(Dataset entries)
Content starts

(* An additive bifunctor E : A^op x A -> Ab; Ex C A = E(C,A),
   Epush a = E(C,a) = a_*, Epull c = E(c,A) = c^*. *)
Record AddBifunctor (Ac : AddCat) := {
  Ex : Ac -> Ac -> zmodType;
  Epush : forall C A A' : Ac, Hom A A' -> Ex C A -> Ex C A';
  Epull : forall C' C A : Ac, Hom C' C -> Ex C A -> Ex C' A;
  Epush_add : forall (C A A' : Ac) (a : Hom A A') (x y : Ex C A),
      Epush C A A' a (x + y) = Epush C A A' a x + Epush C A A' a y;
  Epull_add : forall (C' C A : Ac) (c : Hom C' C) (x y : Ex C A),
      Epull C' C A c (x + y) = Epull C' C A c x + Epull C' C A c y;
  Epush_addm : forall (C A A' : Ac) (a a' : Hom A A') (x : Ex C A),
      Epush C A A' (a + a') x = Epush C A A' a x + Epush C A A' a' x;
  Epull_addm : forall (C' C A : Ac) (c c' : Hom C' C) (x : Ex C A),
      Epull C' C A (c + c') x = Epull C' C A c x + Epull C' C A c' x;
  Epush_id : forall (C A : Ac) (x : Ex C A), Epush C A A (idm A) x = x;
  Epull_id : forall (C A : Ac) (x : Ex C A), Epull C C A (idm C) x = x;
  Epush_comp : forall (C A A' A'' : Ac) (a : Hom A A') (a' : Hom A' A'') (x : Ex C A),
      Epush C A A'' (a' \oc a) x = Epush C A' A'' a' (Epush C A A' a x);
  Epull_comp : forall (C'' C' C A : Ac) (c' : Hom C'' C') (c : Hom C' C) (x : Ex C A),
      Epull C'' C A (c \oc c') x = Epull C'' C' A c' (Epull C' C A c x);
  Epush_pull : forall (C' C A A' : Ac) (c : Hom C' C) (a : Hom A A') (x : Ex C A),
      Epush C' A A' a (Epull C' C A c x) = Epull C' C A' c (Epush C A A' a x)
}.

Set Implicit Arguments.
Arguments Ex {Ac}.
Arguments Epush {Ac a0 C A A'}.
Arguments Epull {Ac a0 C' C A}.

Section Defs.
Variable Ac : AddCat.

Definition is_mono (A B : Ac) (f : Hom A B) :=
  forall (X : Ac) (u v : Hom X A), f \oc u = f \oc v -> u = v.
Definition is_epi (B C : Ac) (g : Hom B C) :=
  forall (X : Ac) (u v : Hom C X), u \oc g = v \oc g -> u = v.
Definition is_iso (A B : Ac) (f : Hom A B) :=
  exists g : Hom B A, g \oc f = idm A /\ f \oc g = idm B.

Definition is_kernel (A B C : Ac) (i : Hom A B) (d : Hom B C) :=
  d \oc i = 0 /\
  forall (X : Ac) (h : Hom X B), d \oc h = 0 -> exists! u : Hom X A, i \oc u = h.
Definition is_cokernel (A B C : Ac) (d : Hom B C) (i : Hom A B) :=
  d \oc i = 0 /\
  forall (X : Ac) (h : Hom B X), h \oc i = 0 -> exists! u : Hom C X, u \oc d = h.
Definition is_kc_pair (A B C : Ac) (i : Hom A B) (d : Hom B C) :=
  is_kernel i d /\ is_cokernel d i.

Definition is_weak_cokernel (A B C : Ac) (g : Hom B C) (f : Hom A B) :=
  forall (X : Ac) (h : Hom B X), h \oc f = 0 <-> exists k : Hom C X, h = k \oc g.
Definition is_weak_kernel (A B C : Ac) (f : Hom A B) (g : Hom B C) :=
  forall (X : Ac) (h : Hom X B), g \oc h = 0 <-> exists k : Hom X A, h = f \oc k.
Definition is_weak_kc_pair (A B C : Ac) (f : Hom A B) (g : Hom B C) :=
  is_weak_kernel f g /\ is_weak_cokernel g f.

Definition seq_class := forall A B C : Ac, Hom A B -> Hom B C -> Prop.

Definition dsum_map (A A' B B' : Ac) (f : Hom A B) (f' : Hom A' B') :
  Hom (bsum A A') (bsum B B') :=
  bin1 \oc f \oc bpr1 + bin2 \oc f' \oc bpr2.

Definition adm_monic (W : seq_class) (A B : Ac) (i : Hom A B) :=
  exists (C : Ac) (d : Hom B C), W A B C i d.
Definition adm_epic (W : seq_class) (B C : Ac) (d : Hom B C) :=
  exists (A : Ac) (i : Hom A B), W A B C i d.

Definition is_pushout (A B A' B' : Ac) (i : Hom A B) (a : Hom A A')
    (i' : Hom A' B') (b : Hom B B') :=
  i' \oc a = b \oc i /\
  forall (X : Ac) (u : Hom B X) (v : Hom A' X), u \oc i = v \oc a ->
    exists! w : Hom B' X, w \oc b = u /\ w \oc i' = v.

Definition is_pullback (B C C' B' : Ac) (d : Hom B C) (c : Hom C' C)
    (d' : Hom B' C') (b : Hom B' B) :=
  d \oc b = c \oc d' /\
  forall (X : Ac) (u : Hom X B) (v : Hom X C'), d \oc u = c \oc v ->
    exists! w : Hom X B', b \oc w = u /\ d' \oc w = v.

Definition weakly_exact (W : seq_class) :=
  (forall (A B C : Ac) (f : Hom A B) (g : Hom B C), W A B C f g -> is_kc_pair f g) /\
  (forall (A B C A' B' C' : Ac) (f : Hom A B) (g : Hom B C)
          (f' : Hom A' B') (g' : Hom B' C') (a : Hom A A') (b : Hom B B') (c : Hom C C'),
      W A B C f g -> is_iso a -> is_iso b -> is_iso c ->
      b \oc f = f' \oc a -> c \oc g = g' \oc b -> W A' B' C' f' g') /\
  (forall (A B C A' B' C' : Ac) (f : Hom A B) (g : Hom B C)
          (f' : Hom A' B') (g' : Hom B' C'),
      W A B C f g -> W A' B' C' f' g' ->
      W (bsum A A') (bsum B B') (bsum C C') (dsum_map f f') (dsum_map g g')) /\
  (forall A : Ac, adm_monic W (idm A)) /\
  (forall A : Ac, adm_epic W (idm A)) /\
  (forall (A B A' : Ac) (i : Hom A B) (a : Hom A A'), adm_monic W i ->
     (exists (B' : Ac) (i' : Hom A' B') (b : Hom B B'), is_pushout i a i' b) /\
     (forall (B' : Ac) (i' : Hom A' B') (b : Hom B B'),
         is_pushout i a i' b -> adm_monic W i')) /\
  (forall (B C C' : Ac) (d : Hom B C) (c : Hom C' C), adm_epic W d ->
     (exists (B' : Ac) (d' : Hom B' C') (b : Hom B' B), is_pullback d c d' b) /\
     (forall (B' : Ac) (d' : Hom B' C') (b : Hom B' B),
         is_pullback d c d' b -> adm_epic W d')).

Variable E : AddBifunctor Ac.

(* A realization is encoded as the relation "f, g represent s(delta)",
   i.e. s(delta) is the class of all (B, f, g) related to delta. *)
Definition realization :=
  forall (A C : Ac) (delta : Ex E C A) (B : Ac), Hom A B -> Hom B C -> Prop.

Definition realizes (s : realization) (A B C : Ac) (delta : Ex E C A)
  (f : Hom A B) (g : Hom B C) := s A C delta B f g.

Definition equiv_seq (A B B' C : Ac) (f : Hom A B) (g : Hom B C)
  (f' : Hom A B') (g' : Hom B' C) :=
  exists b : Hom B B', is_iso b /\ b \oc f = f' /\ g' \oc b = g.

(* s assigns to each delta an equivalence class of weak kernel-cokernel
   pairs, and satisfies (R0) *)
Definition is_realization (s : realization) :=
  (forall (A C : Ac) (delta : Ex E C A),
      exists (B : Ac) (f : Hom A B) (g : Hom B C), realizes s delta f g) /\
  (forall (A B C : Ac) (delta : Ex E C A) (f : Hom A B) (g : Hom B C),
      realizes s delta f g -> is_weak_kc_pair f g) /\
  (forall (A B B' C : Ac) (delta : Ex E C A) (f : Hom A B) (g : Hom B C)
          (f' : Hom A B') (g' : Hom B' C),
      realizes s delta f g -> realizes s delta f' g' -> equiv_seq f g f' g') /\
  (forall (A B B' C : Ac) (delta : Ex E C A) (f : Hom A B) (g : Hom B C)
          (f' : Hom A B') (g' : Hom B' C),
      realizes s delta f g -> equiv_seq f g f' g' -> realizes s delta f' g') /\
  (forall (A C A' C' : Ac) (delta : Ex E C A) (rho : Ex E C' A')
          (a : Hom A A') (c : Hom C C'),
      Epush a delta = Epull c rho ->
      forall (B B' : Ac) (f : Hom A B) (g : Hom B C) (f' : Hom A' B') (g' : Hom B' C'),
        realizes s delta f g -> realizes s rho f' g' ->
        exists b : Hom B B', b \oc f = f' \oc a /\ g' \oc b = c \oc g).

Definition is_exact_realization (s : realization) :=
  is_realization s /\
  (forall (A B C : Ac) (delta : Ex E C A) (f : Hom A B) (g : Hom B C),
     realizes s delta f g -> forall X : Ac,
       (forall h : Hom B X, h \oc f = 0 <-> exists k : Hom C X, h = k \oc g) /\
       (forall a : Hom A X, Epush a delta = 0 <-> exists h : Hom B X, a = h \oc f) /\
       (forall h : Hom X B, g \oc h = 0 <-> exists k : Hom X A, h = f \oc k) /\
       (forall c : Hom X C, Epull c delta = 0 <-> exists h : Hom X B, c = g \oc h)) /\
  (forall A : Ac, realizes s (0 : Ex E zobj A) (idm A) (0 : Hom A zobj)) /\
  (forall A : Ac, realizes s (0 : Ex E A zobj) (0 : Hom zobj A) (idm A)).

(* mapping cone of (1_A, b, c) from A-f->B-g->C to A-f'->B'-g'->C' :
   B -[-g; b]-> C (+) B' -[c g']-> C' *)
Definition cone_l (B C B' : Ac) (g : Hom B C) (b : Hom B B') : Hom B (bsum C B') :=
  bin1 \oc (- g) + bin2 \oc b.
Definition cone_r (C B' C' : Ac) (c : Hom C C') (g' : Hom B' C') : Hom (bsum C B') C' :=
  c \oc bpr1 + g' \oc bpr2.
(* mapping cocone of (a, b, 1_C) from A-f->B-g->C to A'-f'->B'-g'->C :
   A -[-f; a]-> B (+) A' -[b f']-> B' *)
Definition cocone_l (A B A' : Ac) (f : Hom A B) (a : Hom A A') : Hom A (bsum B A') :=
  bin1 \oc (- f) + bin2 \oc a.
Definition cocone_r (B A' B' : Ac) (b : Hom B B') (f' : Hom A' B') : Hom (bsum B A') B' :=
  b \oc bpr1 + f' \oc bpr2.

Definition weakly_extriangulated (s : realization) :=
  is_exact_realization s /\
  (forall (A C C' : Ac) (rho : Ex E C' A) (c : Hom C C')
          (B B' : Ac) (f : Hom A B) (g : Hom B C) (f' : Hom A B') (g' : Hom B' C'),
      realizes s (Epull c rho) f g -> realizes s rho f' g' ->
      exists b : Hom B B', b \oc f = f' \oc idm A /\ g' \oc b = c \oc g /\
        realizes s (Epush f rho) (cone_l g b) (cone_r c g')) /\
  (forall (A A' C : Ac) (delta : Ex E C A) (a : Hom A A')
          (B B' : Ac) (f : Hom A B) (g : Hom B C) (f' : Hom A' B') (g' : Hom B' C),
      realizes s delta f g -> realizes s (Epush a delta) f' g' ->
      exists b : Hom B B', b \oc f = f' \oc a /\ g' \oc b = idm C \oc g /\
        realizes s (Epull g' delta) (cocone_l f a) (cocone_r b f')).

Content ends

WORK ORDER
Copy only this part of the entries above: the line with "Definition is_mono (A", the line with "forall (X : Ac) (h : Hom X B), g", and the lines between, all exactly as written.

ANSWER BELOW
Definition is_mono (A B : Ac) (f : Hom A B) :=
  forall (X : Ac) (u v : Hom X A), f \oc u = f \oc v -> u = v.
Definition is_epi (B C : Ac) (g : Hom B C) :=
  forall (X : Ac) (u v : Hom C X), u \oc g = v \oc g -> u = v.
Definition is_iso (A B : Ac) (f : Hom A B) :=
  exists g : Hom B A, g \oc f = idm A /\ f \oc g = idm B.

Definition is_kernel (A B C : Ac) (i : Hom A B) (d : Hom B C) :=
  d \oc i = 0 /\
  forall (X : Ac) (h : Hom X B), d \oc h = 0 -> exists! u : Hom X A, i \oc u = h.
Definition is_cokernel (A B C : Ac) (d : Hom B C) (i : Hom A B) :=
  d \oc i = 0 /\
  forall (X : Ac) (h : Hom B X), h \oc i = 0 -> exists! u : Hom C X, u \oc d = h.
Definition is_kc_pair (A B C : Ac) (i : Hom A B) (d : Hom B C) :=
  is_kernel i d /\ is_cokernel d i.

Definition is_weak_cokernel (A B C : Ac) (g : Hom B C) (f : Hom A B) :=
  forall (X : Ac) (h : Hom B X), h \oc f = 0 <-> exists k : Hom C X, h = k \oc g.
Definition is_weak_kernel (A B C : Ac) (f : Hom A B) (g : Hom B C) :=
  forall (X : Ac) (h : Hom X B), g \oc h = 0 <-> exists k : Hom X A, h = f \oc k.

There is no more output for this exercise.